Lemma steklov_integrand_bound f (w M k P : R) r :
  (forall y, 0 < y -> `|f y| <= M) -> 0 < P ->
  `|steklov_integrand f w r k P| <= binom_abs_sum r * M.
Proof.
move=> fM P0; rewrite /steklov_integrand /binom_abs_sum mulr_suml.
apply: le_trans (ler_norm_sum _ _ _) _; apply: ler_sum => m _.
rewrite !normrM normrX normrN1 expr1n mul1r ger0_norm ?ler0n //.
by apply: ler_wpM2l; [exact: ler0n | apply: fM; rewrite mulr_gt0 ?expR_gt0 ?powR_gt0].
Qed.

Lemma steklov_integrand_near f (x w k P eps delta : R) r : (0 < r)%N ->
  log_modulus_at f x delta eps -> `|k / w - ln x| <= delta / 2 ->
  r%:R / w <= delta / 2 -> 1 <= P <= expR (r%:R / w) ->
  `|steklov_integrand f w r k P - f x| <= binom_abs_sum r * eps.
Proof.
move=> r0 fx hk hr /andP[P1 Pb].
have P0 : 0 < P by exact: lt_le_trans P1.
rewrite -[f x]mul1r -(sum_alt_binom r0) mulr_suml /steklov_integrand -sumrB.
rewrite /binom_abs_sum mulr_suml.
apply: le_trans (ler_norm_sum _ _ _) _; apply: ler_sum_nat => m /andP[m1 mr].
rewrite -mulrBr !normrM normrX normrN1 expr1n mul1r ger0_norm ?ler0n //.
apply: ler_wpM2l; first exact: ler0n.
apply: fx; first by rewrite mulr_gt0 ?expR_gt0 ?powR_gt0.
have mr01 : 0 <= (m%:R / r%:R : R) <= 1.
  by rewrite divr_ge0 ?ler0n //= ler_pdivrMr ?ltr0n // mul1r ler_nat -ltnS.
have lnP : 0 <= ln P <= r%:R / w.
  by rewrite ln_ge0 //= -(expRK (r%:R / w)) ler_ln ?posrE ?expR_gt0.
have shift : 0 <= m%:R / r%:R * ln P <= delta / 2.
  case/andP: mr01 => m0 m1'; case/andP: lnP => l0 l1.
  by rewrite mulr_ge0 //= (le_trans _ hr) // (le_trans _ l1) // ler_piMl.
rewrite lnM ?posrE ?expR_gt0 ?powR_gt0 // expRK ln_powR addrAC.
apply: le_trans (ler_normD _ _) _; case/andP: shift => s0 s1.
by rewrite (ger0_norm s0) [delta]splitr lerD.
Qed.

Lemma steklov_sample_bound f (w M : R) r k : 0 < w ->
  (forall y, 0 < y -> `|f y| <= M) -> `|steklov_sample f w r k| <= binom_abs_sum r * M.
Proof.
move=> w0 fM; rewrite ler_norml; apply: iter_int_bounds => // p /andP[p1 _].
by rewrite -ler_norml; apply: steklov_integrand_bound => //; exact: lt_le_trans p1.
Qed.

Lemma steklov_sample_near f (x w eps delta : R) r k : (0 < r)%N -> 0 < w ->
  log_modulus_at f x delta eps -> r%:R / w <= delta / 2 ->
  `|k%:~R - ln (x `^ w)| <= w * delta / 2 ->
  `|steklov_sample f w r k - f x| <= binom_abs_sum r * eps.
Proof.
move=> r0 w0 fx hr hk; rewrite ler_distl; apply: iter_int_bounds => // p hp.
rewrite -ler_distl; apply: (steklov_integrand_near (delta := delta)) => //.
have -> : k%:~R / w - ln x = (k%:~R - ln (x `^ w)) / w.
  by rewrite ln_powR; field; rewrite gt_eqF.
by rewrite normrM normfV (gtr0_norm w0) ler_pdivrMr // mulrAC (mulrC delta).
Qed.

End steklov.

Section sampling_operator.
Variable R : realType.
Implicit Types (chi f : R -> R) (r : nat).

Lemma MS_op_dev_le chi f r (M M0 x w eps delta eta : R) :
  (0 < r)%N -> (forall y, 0 < y -> `|f y| <= M) ->
  (forall N, zpartial (fun k => `|chi (expR (- k%:~R) * x `^ w)|) N <= M0) ->
  zpartial (fun k => chi (expR (- k%:~R) * x `^ w)) @ \oo --> (1 : R) ->
  0 < x -> 0 < w -> 0 <= eps -> log_modulus_at f x delta eps -> r%:R / w <= delta / 2 ->
  zsum (fun k => if w * delta / 2 < `|k%:~R - ln (x `^ w)|
                 then `|chi (expR (- k%:~R) * x `^ w)| else 0) <= eta ->
  `|MS_op chi w r f x - f x| <=
    binom_abs_sum R r * eps * M0 + (binom_abs_sum R r * M + M) * eta.
Proof.
move=> r0 fM chiM0 chi1 x0 w0 eps0 fx hr tail.
change (MS_op chi w r f x) with
  (zsum (fun k => chi (expR (- k%:~R) * x `^ w) * steklov_sample f w r k)).
apply: (zsum_weighted_dev (far := fun k => w * delta / 2 < `|k%:~R - ln (x `^ w)|)) => //.
- exact: mulr_ge0 (binom_abs_sum_ge0 _ _) eps0.
- move=> k; apply: le_trans (ler_normB _ _) _.
  by apply: lerD; [exact: steklov_sample_bound | exact: fM].
- by move=> k; rewrite /= -leNgt; exact: steklov_sample_near.
Qed.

◇ ◇ ◇ ◇ ◇

▶ **ACTIVITY**
Each of the records above is to be reproduced word for word.

▶ **WRITTEN ANSWER**
Lemma steklov_integrand_bound f (w M k P : R) r :
  (forall y, 0 < y -> `|f y| <= M) -> 0 < P ->
  `|steklov_integrand f w r k P| <= binom_abs_sum r * M.
Proof.
move=> fM P0; rewrite /steklov_integrand /binom_abs_sum mulr_suml.
apply: le_trans (ler_norm_sum _ _ _) _; apply: ler_sum => m _.
rewrite !normrM normrX normrN1 expr1n mul1r ger0_norm ?ler0n //.
by apply: ler_wpM2l; [exact: ler0n | apply: fM; rewrite mulr_gt0 ?expR_gt0 ?powR_gt0].
Qed.

Lemma steklov_integrand_near f (x w k P eps delta : R) r : (0 < r)%N ->
  log_modulus_at f x delta eps -> `|k / w - ln x| <= delta / 2 ->
  r%:R / w <= delta / 2 -> 1 <= P <= expR (r%:R / w) ->
  `|steklov_integrand f w r k P - f x| <= binom_abs_sum r * eps.
Proof.
move=> r0 fx hk hr /andP[P1 Pb].
have P0 : 0 < P by exact: lt_le_trans P1.
rewrite -[f x]mul1r -(sum_alt_binom r0) mulr_suml /steklov_integrand -sumrB.
rewrite /binom_abs_sum mulr_suml.
apply: le_trans (ler_norm_sum _ _ _) _; apply: ler_sum_nat => m /andP[m1 mr].
rewrite -mulrBr !normrM normrX normrN1 expr1n mul1r ger0_norm ?ler0n //.
apply: ler_wpM2l; first exact: ler0n.
apply: fx; first by rewrite mulr_gt0 ?expR_gt0 ?powR_gt0.
have mr01 : 0 <= (m%:R / r%:R : R) <= 1.
  by rewrite divr_ge0 ?ler0n //= ler_pdivrMr ?ltr0n // mul1r ler_nat -ltnS.
have lnP : 0 <= ln P <= r%:R / w.
  by rewrite ln_ge0 //= -(expRK (r%:R / w)) ler_ln ?posrE ?expR_gt0.
have shift : 0 <= m%:R / r%:R * ln P <= delta / 2.
  case/andP: mr01 => m0 m1'; case/andP: lnP => l0 l1.
  by rewrite mulr_ge0 //= (le_trans _ hr) // (le_trans _ l1) // ler_piMl.
rewrite lnM ?posrE ?expR_gt0 ?powR_gt0 // expRK ln_powR addrAC.
apply: le_trans (ler_normD _ _) _; case/andP: shift => s0 s1.
by rewrite (ger0_norm s0) [delta]splitr lerD.
Qed.

Lemma steklov_sample_bound f (w M : R) r k : 0 < w ->
  (forall y, 0 < y -> `|f y| <= M) -> `|steklov_sample f w r k| <= binom_abs_sum r * M.
Proof.
move=> w0 fM; rewrite ler_norml; apply: iter_int_bounds => // p /andP[p1 _].
by rewrite -ler_norml; apply: steklov_integrand_bound => //; exact: lt_le_trans p1.
Qed.

Lemma steklov_sample_near f (x w eps delta : R) r k : (0 < r)%N -> 0 < w ->
  log_modulus_at f x delta eps -> r%:R / w <= delta / 2 ->
  `|k%:~R - ln (x `^ w)| <= w * delta / 2 ->
  `|steklov_sample f w r k - f x| <= binom_abs_sum r * eps.
Proof.
move=> r0 w0 fx hr hk; rewrite ler_distl; apply: iter_int_bounds => // p hp.
rewrite -ler_distl; apply: (steklov_integrand_near (delta := delta)) => //.
have -> : k%:~R / w - ln x = (k%:~R - ln (x `^ w)) / w.
  by rewrite ln_powR; field; rewrite gt_eqF.
by rewrite normrM normfV (gtr0_norm w0) ler_pdivrMr // mulrAC (mulrC delta).
Qed.

End steklov.

Section sampling_operator.
Variable R : realType.
Implicit Types (chi f : R -> R) (r : nat).

Lemma MS_op_dev_le chi f r (M M0 x w eps delta eta : R) :
  (0 < r)%N -> (forall y, 0 < y -> `|f y| <= M) ->
  (forall N, zpartial (fun k => `|chi (expR (- k%:~R) * x `^ w)|) N <= M0) ->
  zpartial (fun k => chi (expR (- k%:~R) * x `^ w)) @ \oo --> (1 : R) ->
  0 < x -> 0 < w -> 0 <= eps -> log_modulus_at f x delta eps -> r%:R / w <= delta / 2 ->
  zsum (fun k => if w * delta / 2 < `|k%:~R - ln (x `^ w)|
                 then `|chi (expR (- k%:~R) * x `^ w)| else 0) <= eta ->
  `|MS_op chi w r f x - f x| <=
    binom_abs_sum R r * eps * M0 + (binom_abs_sum R r * M + M) * eta.
Proof.
move=> r0 fM chiM0 chi1 x0 w0 eps0 fx hr tail.
change (MS_op chi w r f x) with
  (zsum (fun k => chi (expR (- k%:~R) * x `^ w) * steklov_sample f w r k)).
apply: (zsum_weighted_dev (far := fun k => w * delta / 2 < `|k%:~R - ln (x `^ w)|)) => //.
- exact: mulr_ge0 (binom_abs_sum_ge0 _ _) eps0.
- move=> k; apply: le_trans (ler_normB _ _) _.
  by apply: lerD; [exact: steklov_sample_bound | exact: fM].
- by move=> k; rewrite /= -leNgt; exact: steklov_sample_near.
Qed.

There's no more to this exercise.